#### [What is expected]
All lines from the one with "by rewrite (_ : [set _ | _] = set0)" to the end of the entries below must be written out exactly. Leave out any other line.

#### [The data]
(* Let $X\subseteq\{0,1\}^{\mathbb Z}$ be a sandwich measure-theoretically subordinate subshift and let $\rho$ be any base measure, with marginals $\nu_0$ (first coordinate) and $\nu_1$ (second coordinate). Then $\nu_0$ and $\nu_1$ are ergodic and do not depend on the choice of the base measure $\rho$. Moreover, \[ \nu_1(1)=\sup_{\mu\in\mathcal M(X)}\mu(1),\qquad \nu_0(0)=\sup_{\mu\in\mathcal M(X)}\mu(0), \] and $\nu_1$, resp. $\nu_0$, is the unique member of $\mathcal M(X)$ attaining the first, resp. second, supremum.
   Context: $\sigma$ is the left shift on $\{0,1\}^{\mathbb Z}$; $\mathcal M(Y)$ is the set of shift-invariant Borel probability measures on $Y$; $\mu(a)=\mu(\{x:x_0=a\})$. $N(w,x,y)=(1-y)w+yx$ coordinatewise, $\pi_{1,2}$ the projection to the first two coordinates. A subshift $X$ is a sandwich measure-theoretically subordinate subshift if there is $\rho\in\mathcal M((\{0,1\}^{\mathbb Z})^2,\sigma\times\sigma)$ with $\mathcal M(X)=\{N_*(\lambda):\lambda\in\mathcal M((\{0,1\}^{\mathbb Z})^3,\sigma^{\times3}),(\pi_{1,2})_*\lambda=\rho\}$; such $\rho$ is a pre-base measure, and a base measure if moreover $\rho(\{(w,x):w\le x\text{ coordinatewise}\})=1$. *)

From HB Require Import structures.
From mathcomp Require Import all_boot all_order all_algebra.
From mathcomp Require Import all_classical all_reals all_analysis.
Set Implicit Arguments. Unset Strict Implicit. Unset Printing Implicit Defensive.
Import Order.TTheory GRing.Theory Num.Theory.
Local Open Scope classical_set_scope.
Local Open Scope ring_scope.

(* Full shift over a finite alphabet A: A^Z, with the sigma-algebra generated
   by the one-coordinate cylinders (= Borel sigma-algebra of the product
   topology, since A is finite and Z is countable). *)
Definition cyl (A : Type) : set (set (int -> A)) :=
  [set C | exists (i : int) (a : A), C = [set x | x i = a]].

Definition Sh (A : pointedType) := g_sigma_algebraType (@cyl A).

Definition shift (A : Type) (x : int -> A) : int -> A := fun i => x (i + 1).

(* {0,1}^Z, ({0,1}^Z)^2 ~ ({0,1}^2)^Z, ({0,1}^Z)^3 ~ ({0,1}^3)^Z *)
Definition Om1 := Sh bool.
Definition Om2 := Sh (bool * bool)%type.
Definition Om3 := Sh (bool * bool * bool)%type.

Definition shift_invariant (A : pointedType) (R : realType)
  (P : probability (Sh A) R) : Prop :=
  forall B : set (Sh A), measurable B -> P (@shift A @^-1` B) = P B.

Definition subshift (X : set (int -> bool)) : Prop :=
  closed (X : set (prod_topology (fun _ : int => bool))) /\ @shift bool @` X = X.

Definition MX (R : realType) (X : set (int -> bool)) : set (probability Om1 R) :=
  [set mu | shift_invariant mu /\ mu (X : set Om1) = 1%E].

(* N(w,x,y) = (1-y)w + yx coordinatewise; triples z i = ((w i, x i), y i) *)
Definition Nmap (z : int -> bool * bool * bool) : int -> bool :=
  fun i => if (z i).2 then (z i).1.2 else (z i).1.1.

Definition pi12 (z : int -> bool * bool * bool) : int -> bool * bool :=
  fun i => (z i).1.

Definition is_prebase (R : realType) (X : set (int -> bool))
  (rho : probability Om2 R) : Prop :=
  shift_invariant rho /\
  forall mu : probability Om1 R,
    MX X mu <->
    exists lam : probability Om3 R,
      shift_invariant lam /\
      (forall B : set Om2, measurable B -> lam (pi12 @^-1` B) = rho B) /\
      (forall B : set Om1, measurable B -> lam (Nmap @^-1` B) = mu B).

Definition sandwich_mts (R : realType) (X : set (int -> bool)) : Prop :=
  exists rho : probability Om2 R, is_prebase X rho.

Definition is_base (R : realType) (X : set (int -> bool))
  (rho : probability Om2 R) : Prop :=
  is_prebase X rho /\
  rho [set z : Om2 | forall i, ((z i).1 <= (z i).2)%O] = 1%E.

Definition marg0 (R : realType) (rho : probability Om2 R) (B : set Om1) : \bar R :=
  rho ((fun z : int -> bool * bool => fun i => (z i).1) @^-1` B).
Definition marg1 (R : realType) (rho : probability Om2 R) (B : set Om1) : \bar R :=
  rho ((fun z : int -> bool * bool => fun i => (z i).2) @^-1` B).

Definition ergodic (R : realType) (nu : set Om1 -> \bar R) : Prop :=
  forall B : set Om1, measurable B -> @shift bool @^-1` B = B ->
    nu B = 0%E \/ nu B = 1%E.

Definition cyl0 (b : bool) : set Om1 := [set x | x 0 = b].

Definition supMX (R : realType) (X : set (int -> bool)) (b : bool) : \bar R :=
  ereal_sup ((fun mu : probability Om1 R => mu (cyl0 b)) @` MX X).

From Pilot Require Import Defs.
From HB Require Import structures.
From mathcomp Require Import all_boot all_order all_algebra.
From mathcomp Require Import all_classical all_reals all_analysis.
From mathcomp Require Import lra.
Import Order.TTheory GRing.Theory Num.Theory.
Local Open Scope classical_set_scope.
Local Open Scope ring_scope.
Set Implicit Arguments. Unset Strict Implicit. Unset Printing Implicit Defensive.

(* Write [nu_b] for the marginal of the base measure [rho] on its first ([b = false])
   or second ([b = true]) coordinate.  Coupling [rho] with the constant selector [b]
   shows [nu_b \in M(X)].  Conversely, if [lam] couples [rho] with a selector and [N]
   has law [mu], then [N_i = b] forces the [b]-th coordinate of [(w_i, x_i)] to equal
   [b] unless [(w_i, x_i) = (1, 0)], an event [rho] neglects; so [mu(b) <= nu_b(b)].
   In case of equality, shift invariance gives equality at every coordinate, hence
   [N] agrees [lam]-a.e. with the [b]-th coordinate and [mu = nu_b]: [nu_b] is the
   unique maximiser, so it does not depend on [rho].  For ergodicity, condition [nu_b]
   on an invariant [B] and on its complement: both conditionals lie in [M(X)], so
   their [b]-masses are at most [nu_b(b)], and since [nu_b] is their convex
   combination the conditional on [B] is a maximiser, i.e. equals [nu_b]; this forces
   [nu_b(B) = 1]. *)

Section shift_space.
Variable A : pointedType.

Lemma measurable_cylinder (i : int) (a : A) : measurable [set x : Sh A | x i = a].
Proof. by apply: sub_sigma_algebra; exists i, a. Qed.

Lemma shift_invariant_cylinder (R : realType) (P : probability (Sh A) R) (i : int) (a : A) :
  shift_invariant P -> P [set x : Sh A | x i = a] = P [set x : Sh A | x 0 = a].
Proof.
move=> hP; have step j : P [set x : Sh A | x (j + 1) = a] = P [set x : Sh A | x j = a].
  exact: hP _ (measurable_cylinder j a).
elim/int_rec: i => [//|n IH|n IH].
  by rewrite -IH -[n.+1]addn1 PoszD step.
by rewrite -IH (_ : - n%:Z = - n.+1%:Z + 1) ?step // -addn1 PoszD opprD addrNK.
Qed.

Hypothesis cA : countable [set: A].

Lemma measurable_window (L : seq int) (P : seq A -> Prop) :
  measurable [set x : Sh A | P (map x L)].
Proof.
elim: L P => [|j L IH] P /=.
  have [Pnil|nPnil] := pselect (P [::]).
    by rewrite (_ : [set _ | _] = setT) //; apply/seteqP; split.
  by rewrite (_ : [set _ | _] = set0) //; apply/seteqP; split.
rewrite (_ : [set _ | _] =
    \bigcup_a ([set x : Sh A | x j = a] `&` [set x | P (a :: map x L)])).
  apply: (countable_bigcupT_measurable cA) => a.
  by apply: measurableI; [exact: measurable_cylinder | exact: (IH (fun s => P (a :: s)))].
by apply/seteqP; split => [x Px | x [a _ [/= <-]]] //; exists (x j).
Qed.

#### [Answer box]
  by rewrite (_ : [set _ | _] = set0) //; apply/seteqP; split.
rewrite (_ : [set _ | _] =
    \bigcup_a ([set x : Sh A | x j = a] `&` [set x | P (a :: map x L)])).
  apply: (countable_bigcupT_measurable cA) => a.
  by apply: measurableI; [exact: measurable_cylinder | exact: (IH (fun s => P (a :: s)))].
by apply/seteqP; split => [x Px | x [a _ [/= <-]]] //; exists (x j).
Qed.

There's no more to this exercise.